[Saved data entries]
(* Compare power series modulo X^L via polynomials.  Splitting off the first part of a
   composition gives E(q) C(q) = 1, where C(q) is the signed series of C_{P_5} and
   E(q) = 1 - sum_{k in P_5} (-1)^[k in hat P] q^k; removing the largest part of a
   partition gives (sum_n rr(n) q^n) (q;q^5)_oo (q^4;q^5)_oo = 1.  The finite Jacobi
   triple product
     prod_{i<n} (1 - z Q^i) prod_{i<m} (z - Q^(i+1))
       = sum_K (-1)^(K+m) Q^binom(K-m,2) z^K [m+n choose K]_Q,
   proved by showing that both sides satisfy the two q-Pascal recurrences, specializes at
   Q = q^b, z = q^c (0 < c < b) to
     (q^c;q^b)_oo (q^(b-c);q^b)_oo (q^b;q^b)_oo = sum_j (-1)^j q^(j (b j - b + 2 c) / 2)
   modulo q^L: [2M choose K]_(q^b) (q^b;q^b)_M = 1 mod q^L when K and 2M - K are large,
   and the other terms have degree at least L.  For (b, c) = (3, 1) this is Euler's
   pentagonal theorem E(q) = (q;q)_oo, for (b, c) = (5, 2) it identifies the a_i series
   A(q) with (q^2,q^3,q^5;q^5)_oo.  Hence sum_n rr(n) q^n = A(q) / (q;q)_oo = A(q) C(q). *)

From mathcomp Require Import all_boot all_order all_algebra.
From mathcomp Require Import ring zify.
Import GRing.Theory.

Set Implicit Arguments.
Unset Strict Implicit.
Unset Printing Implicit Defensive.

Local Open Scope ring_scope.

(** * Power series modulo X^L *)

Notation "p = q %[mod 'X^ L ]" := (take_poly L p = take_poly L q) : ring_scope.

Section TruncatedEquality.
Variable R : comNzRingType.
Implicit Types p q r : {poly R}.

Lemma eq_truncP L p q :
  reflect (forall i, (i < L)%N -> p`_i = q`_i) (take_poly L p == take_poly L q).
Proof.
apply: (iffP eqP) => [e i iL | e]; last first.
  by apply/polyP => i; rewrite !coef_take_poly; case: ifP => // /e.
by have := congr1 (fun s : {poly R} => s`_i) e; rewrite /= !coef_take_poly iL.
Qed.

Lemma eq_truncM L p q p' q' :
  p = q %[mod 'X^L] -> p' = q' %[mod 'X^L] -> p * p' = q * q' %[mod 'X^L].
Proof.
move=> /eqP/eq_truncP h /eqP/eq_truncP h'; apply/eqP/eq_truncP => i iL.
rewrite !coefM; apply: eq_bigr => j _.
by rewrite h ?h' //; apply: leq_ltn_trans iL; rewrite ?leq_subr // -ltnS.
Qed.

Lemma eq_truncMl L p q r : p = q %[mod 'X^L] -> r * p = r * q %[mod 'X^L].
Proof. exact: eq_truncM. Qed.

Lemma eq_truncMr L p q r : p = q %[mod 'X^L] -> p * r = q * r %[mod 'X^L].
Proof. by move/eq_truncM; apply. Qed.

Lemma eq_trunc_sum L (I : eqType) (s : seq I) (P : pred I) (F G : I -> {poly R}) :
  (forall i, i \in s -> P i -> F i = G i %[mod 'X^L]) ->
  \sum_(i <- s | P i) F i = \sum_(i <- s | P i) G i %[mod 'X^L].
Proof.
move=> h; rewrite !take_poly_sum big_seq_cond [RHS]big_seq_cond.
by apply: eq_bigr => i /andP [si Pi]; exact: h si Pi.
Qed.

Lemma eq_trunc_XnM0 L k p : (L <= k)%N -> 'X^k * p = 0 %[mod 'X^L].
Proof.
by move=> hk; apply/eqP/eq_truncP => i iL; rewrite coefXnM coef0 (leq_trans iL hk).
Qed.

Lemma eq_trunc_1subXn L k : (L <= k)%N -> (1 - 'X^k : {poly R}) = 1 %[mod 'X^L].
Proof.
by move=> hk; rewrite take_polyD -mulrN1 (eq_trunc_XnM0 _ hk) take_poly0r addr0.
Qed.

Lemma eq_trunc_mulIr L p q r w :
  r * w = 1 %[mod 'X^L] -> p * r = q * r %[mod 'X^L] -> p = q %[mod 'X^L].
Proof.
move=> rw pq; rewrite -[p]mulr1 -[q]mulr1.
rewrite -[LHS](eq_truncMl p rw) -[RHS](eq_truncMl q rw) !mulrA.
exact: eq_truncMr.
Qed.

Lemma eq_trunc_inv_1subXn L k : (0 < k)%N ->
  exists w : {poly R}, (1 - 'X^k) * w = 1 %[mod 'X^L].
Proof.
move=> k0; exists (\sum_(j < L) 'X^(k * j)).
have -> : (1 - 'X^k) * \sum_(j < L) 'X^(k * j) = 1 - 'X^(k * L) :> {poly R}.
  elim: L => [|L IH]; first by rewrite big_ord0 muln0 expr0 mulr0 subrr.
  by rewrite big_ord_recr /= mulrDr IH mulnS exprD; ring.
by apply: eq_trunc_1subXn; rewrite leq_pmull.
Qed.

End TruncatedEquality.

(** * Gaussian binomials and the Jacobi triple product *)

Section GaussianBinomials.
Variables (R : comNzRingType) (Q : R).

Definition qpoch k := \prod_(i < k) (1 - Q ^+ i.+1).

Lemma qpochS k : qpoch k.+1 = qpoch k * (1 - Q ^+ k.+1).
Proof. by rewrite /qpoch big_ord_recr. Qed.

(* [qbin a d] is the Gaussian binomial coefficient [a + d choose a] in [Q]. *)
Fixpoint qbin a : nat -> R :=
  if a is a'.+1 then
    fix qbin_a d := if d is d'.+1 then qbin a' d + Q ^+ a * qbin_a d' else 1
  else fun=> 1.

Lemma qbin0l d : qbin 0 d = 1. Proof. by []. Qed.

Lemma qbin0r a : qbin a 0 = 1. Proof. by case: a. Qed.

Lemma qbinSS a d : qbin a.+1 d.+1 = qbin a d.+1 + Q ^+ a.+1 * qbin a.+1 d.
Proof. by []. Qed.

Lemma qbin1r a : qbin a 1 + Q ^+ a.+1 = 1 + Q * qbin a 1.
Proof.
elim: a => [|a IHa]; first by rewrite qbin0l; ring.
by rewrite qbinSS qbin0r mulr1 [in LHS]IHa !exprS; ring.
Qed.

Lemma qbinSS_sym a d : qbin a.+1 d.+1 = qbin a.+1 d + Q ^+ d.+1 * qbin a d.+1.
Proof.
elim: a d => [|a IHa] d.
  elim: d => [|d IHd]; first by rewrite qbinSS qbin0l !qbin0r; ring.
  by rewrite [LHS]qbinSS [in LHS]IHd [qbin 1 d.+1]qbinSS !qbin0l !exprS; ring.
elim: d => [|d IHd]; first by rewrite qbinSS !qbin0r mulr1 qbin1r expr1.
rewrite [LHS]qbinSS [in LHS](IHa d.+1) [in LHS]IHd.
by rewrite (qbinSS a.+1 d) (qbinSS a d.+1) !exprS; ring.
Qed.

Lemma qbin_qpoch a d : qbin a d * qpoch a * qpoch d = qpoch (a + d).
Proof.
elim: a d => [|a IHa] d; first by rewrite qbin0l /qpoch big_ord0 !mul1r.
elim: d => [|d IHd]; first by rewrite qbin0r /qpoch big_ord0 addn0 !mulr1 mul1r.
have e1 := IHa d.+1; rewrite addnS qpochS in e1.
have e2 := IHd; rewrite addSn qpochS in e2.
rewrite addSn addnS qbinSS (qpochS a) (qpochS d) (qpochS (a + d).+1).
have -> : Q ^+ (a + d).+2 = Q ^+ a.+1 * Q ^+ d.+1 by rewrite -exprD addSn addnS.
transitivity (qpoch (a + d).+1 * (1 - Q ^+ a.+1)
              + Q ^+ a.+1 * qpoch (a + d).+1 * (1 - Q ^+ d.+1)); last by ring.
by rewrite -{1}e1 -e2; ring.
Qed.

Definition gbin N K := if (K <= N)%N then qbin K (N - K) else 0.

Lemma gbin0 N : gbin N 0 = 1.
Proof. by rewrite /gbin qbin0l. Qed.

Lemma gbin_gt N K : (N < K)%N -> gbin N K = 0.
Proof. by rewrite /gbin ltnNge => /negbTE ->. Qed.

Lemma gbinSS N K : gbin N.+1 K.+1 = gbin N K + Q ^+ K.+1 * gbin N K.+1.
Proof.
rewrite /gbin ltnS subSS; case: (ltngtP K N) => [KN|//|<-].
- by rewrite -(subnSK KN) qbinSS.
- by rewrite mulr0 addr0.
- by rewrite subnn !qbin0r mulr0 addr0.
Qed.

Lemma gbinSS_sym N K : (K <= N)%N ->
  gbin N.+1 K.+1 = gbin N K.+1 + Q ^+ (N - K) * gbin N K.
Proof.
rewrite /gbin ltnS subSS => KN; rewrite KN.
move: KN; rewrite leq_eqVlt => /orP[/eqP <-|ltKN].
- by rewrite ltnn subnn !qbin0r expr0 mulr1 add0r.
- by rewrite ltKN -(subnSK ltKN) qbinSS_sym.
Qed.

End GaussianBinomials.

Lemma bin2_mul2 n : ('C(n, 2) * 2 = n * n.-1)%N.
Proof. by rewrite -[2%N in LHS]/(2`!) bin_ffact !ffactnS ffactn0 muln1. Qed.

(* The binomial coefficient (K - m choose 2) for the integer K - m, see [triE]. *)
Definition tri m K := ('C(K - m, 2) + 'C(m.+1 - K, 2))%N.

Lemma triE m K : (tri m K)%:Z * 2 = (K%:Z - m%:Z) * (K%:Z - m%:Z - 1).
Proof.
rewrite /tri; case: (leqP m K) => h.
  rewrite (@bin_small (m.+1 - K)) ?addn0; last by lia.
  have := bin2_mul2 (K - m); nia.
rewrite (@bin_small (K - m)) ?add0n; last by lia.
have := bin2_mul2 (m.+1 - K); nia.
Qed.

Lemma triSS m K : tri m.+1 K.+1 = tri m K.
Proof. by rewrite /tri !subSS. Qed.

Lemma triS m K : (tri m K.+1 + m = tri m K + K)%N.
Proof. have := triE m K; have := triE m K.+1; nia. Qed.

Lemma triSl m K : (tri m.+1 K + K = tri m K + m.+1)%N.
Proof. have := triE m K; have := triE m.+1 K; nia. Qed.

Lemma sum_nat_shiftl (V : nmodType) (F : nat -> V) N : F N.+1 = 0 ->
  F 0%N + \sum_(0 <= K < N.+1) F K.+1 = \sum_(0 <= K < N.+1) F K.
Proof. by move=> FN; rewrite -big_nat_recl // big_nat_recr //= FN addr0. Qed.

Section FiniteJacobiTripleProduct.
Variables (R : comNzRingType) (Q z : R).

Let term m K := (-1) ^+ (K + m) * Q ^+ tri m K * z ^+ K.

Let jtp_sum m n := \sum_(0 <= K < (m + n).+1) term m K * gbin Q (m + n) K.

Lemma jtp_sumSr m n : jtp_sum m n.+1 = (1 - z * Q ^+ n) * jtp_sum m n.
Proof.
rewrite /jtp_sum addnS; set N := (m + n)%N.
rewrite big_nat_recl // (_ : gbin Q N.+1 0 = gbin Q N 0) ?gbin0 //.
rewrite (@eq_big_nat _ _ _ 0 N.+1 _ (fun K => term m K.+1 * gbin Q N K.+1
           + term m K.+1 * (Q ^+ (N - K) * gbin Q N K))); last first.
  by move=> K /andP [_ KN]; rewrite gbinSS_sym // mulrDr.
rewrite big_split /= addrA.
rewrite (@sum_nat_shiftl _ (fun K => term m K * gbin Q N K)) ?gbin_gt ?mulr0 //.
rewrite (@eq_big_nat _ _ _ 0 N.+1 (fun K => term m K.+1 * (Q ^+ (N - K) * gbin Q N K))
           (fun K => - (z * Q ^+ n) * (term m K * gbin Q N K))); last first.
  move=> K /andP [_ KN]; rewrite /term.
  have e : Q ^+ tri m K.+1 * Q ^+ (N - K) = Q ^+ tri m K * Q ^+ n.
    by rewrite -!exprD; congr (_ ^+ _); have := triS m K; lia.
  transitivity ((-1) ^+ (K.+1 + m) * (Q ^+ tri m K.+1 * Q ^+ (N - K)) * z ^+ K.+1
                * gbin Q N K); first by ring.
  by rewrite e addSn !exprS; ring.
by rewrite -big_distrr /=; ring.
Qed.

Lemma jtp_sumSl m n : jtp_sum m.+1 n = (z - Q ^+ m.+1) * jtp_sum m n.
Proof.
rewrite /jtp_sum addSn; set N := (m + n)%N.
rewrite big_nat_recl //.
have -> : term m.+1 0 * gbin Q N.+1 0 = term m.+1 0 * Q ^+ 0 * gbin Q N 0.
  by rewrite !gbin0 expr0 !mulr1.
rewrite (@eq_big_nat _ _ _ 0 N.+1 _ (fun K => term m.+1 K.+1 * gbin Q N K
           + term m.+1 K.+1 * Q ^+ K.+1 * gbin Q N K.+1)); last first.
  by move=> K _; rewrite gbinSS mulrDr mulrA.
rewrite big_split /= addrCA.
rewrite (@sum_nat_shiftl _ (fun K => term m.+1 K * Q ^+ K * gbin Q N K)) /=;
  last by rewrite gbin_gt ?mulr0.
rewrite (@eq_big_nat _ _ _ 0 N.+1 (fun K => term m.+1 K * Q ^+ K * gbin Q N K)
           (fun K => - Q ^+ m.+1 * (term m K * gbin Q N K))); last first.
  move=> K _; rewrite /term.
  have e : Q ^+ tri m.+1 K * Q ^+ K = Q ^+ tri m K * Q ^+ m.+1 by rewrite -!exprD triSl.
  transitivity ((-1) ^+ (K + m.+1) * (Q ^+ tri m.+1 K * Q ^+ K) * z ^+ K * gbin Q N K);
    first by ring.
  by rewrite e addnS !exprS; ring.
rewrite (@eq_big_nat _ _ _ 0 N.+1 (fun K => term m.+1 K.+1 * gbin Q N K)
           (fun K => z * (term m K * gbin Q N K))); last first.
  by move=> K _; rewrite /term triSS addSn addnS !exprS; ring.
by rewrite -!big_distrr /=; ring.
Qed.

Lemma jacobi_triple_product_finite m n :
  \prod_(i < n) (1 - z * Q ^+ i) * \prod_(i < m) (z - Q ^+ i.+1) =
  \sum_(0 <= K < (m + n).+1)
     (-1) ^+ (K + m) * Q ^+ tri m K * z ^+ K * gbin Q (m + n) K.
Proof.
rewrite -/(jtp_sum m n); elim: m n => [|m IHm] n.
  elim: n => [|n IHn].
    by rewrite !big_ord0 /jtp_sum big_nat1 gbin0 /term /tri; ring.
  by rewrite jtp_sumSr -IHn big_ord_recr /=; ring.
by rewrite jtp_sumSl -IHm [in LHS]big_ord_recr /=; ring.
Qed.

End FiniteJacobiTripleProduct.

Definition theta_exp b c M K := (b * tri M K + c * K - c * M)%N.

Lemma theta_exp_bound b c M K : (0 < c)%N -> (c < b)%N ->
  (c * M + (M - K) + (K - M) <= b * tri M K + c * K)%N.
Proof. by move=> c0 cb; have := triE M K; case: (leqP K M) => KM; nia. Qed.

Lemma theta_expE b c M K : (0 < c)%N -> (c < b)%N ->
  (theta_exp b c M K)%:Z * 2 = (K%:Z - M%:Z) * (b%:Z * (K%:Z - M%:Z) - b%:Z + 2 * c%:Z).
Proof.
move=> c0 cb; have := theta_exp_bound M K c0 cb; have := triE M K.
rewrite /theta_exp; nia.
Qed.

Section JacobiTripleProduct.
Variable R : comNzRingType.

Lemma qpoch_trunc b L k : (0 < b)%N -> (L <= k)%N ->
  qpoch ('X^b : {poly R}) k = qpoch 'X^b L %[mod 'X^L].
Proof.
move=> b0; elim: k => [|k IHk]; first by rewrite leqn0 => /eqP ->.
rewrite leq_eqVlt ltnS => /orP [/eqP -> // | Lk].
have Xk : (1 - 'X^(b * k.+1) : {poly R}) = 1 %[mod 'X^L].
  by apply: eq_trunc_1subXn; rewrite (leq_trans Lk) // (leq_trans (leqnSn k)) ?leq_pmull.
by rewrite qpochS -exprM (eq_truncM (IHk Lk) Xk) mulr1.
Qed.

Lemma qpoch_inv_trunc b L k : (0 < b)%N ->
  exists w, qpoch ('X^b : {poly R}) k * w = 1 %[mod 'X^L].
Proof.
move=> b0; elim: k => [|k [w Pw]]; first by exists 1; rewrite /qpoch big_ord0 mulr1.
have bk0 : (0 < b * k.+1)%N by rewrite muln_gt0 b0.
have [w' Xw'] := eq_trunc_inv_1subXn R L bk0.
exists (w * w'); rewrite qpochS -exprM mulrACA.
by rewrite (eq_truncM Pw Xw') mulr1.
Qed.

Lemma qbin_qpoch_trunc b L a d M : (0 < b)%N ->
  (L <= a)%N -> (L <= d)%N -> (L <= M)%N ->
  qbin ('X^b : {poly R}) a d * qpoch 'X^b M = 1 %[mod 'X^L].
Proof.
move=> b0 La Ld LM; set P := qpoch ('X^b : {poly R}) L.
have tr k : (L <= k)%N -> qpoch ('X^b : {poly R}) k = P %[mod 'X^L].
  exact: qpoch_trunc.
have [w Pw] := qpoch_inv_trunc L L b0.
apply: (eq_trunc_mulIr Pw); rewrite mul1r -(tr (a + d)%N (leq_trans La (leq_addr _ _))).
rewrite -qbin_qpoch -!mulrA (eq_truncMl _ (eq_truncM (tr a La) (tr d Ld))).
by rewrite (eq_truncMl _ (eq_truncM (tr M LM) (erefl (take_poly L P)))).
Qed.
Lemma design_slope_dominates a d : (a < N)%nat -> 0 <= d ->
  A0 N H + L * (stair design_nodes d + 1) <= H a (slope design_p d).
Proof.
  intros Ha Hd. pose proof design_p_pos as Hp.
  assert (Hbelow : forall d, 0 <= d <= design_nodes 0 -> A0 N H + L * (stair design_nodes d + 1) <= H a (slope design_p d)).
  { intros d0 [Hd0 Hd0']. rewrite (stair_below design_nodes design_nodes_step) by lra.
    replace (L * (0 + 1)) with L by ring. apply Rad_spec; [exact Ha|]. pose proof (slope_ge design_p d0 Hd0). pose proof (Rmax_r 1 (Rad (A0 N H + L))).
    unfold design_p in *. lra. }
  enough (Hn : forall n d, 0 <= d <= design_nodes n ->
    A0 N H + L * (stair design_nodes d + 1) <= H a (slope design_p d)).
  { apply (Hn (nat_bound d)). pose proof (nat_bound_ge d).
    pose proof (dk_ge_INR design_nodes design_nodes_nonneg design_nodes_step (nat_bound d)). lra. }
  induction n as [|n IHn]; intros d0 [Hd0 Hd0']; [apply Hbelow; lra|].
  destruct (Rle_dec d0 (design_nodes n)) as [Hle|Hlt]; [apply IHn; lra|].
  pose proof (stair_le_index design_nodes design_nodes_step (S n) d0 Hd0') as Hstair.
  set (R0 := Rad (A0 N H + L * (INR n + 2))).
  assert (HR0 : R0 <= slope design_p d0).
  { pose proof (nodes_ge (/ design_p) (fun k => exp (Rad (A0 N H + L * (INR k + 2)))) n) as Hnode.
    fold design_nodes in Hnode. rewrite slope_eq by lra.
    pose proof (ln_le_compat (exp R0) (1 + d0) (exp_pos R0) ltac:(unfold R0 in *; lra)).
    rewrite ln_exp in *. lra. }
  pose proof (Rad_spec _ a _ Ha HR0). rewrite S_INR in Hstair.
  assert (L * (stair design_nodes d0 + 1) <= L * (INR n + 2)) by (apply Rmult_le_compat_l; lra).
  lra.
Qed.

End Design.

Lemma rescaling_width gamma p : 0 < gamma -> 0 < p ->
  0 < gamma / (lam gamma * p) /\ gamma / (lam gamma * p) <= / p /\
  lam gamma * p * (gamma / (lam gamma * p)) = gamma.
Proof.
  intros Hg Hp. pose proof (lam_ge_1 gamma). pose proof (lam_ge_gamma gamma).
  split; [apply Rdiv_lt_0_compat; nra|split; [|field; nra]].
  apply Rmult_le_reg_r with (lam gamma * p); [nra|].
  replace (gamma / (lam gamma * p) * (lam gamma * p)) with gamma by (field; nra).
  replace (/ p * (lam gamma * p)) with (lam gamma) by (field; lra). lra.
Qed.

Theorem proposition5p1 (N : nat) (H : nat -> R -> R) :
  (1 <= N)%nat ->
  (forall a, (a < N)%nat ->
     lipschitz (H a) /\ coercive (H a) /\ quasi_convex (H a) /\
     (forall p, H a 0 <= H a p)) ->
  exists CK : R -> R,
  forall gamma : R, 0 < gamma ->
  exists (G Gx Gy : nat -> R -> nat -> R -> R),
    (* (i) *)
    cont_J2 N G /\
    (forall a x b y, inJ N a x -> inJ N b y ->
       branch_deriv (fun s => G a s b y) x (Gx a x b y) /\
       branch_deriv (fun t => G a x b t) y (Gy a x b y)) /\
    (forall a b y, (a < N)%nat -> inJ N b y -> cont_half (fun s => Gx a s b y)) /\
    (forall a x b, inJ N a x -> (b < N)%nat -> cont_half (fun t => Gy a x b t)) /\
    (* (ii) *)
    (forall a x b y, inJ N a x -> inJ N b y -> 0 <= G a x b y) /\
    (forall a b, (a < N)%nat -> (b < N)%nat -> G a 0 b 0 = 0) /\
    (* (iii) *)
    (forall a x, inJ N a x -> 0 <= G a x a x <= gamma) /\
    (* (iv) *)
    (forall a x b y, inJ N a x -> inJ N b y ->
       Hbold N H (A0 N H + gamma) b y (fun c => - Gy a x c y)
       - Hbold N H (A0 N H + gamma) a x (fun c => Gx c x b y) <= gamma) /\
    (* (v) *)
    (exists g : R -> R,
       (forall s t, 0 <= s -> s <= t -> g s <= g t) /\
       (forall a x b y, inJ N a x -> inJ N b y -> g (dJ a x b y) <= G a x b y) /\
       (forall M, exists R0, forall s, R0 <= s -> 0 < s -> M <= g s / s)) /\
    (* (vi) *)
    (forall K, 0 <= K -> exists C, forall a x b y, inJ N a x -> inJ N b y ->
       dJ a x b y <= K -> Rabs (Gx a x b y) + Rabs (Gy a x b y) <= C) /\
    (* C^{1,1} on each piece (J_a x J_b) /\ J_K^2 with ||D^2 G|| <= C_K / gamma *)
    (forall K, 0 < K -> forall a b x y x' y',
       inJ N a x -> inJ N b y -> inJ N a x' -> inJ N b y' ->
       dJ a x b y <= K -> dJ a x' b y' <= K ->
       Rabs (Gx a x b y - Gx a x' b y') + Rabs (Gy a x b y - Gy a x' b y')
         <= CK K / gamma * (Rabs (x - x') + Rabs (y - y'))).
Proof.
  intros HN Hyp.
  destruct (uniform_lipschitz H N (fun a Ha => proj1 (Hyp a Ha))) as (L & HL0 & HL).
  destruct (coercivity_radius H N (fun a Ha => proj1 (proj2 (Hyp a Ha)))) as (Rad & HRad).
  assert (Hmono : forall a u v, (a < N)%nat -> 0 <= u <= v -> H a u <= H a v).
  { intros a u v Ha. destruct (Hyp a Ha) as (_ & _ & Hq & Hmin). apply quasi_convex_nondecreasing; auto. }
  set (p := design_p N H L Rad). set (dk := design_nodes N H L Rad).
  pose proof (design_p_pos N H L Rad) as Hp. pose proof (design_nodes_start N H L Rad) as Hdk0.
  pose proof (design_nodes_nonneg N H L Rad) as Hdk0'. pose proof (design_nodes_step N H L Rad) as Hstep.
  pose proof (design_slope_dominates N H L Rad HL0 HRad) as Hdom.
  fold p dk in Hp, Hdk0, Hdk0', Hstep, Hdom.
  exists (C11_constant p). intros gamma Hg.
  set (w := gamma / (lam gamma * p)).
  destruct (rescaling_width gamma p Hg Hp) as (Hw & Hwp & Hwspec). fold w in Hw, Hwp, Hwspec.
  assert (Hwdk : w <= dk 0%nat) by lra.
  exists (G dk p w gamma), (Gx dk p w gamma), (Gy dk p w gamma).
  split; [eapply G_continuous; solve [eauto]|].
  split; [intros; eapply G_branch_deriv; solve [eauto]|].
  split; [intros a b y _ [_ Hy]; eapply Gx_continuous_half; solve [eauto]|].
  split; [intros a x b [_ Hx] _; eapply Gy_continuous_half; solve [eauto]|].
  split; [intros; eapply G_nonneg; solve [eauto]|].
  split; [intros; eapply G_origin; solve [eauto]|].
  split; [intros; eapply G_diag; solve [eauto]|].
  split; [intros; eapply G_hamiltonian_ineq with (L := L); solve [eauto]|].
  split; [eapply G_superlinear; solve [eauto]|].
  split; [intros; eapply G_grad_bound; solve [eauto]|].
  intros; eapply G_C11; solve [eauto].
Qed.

Instructions to follow:
Select the lines from the entries that include the word "addSn".

Task answer:
have e2 := IHd; rewrite addSn qpochS in e2.
rewrite addSn addnS qbinSS (qpochS a) (qpochS d) (qpochS (a + d).+1).
have -> : Q ^+ (a + d).+2 = Q ^+ a.+1 * Q ^+ d.+1 by rewrite -exprD addSn addnS.
  by rewrite e addSn !exprS; ring.
rewrite /jtp_sum addSn; set N := (m + n)%N.
  by move=> K _; rewrite /term triSS addSn addnS !exprS; ring.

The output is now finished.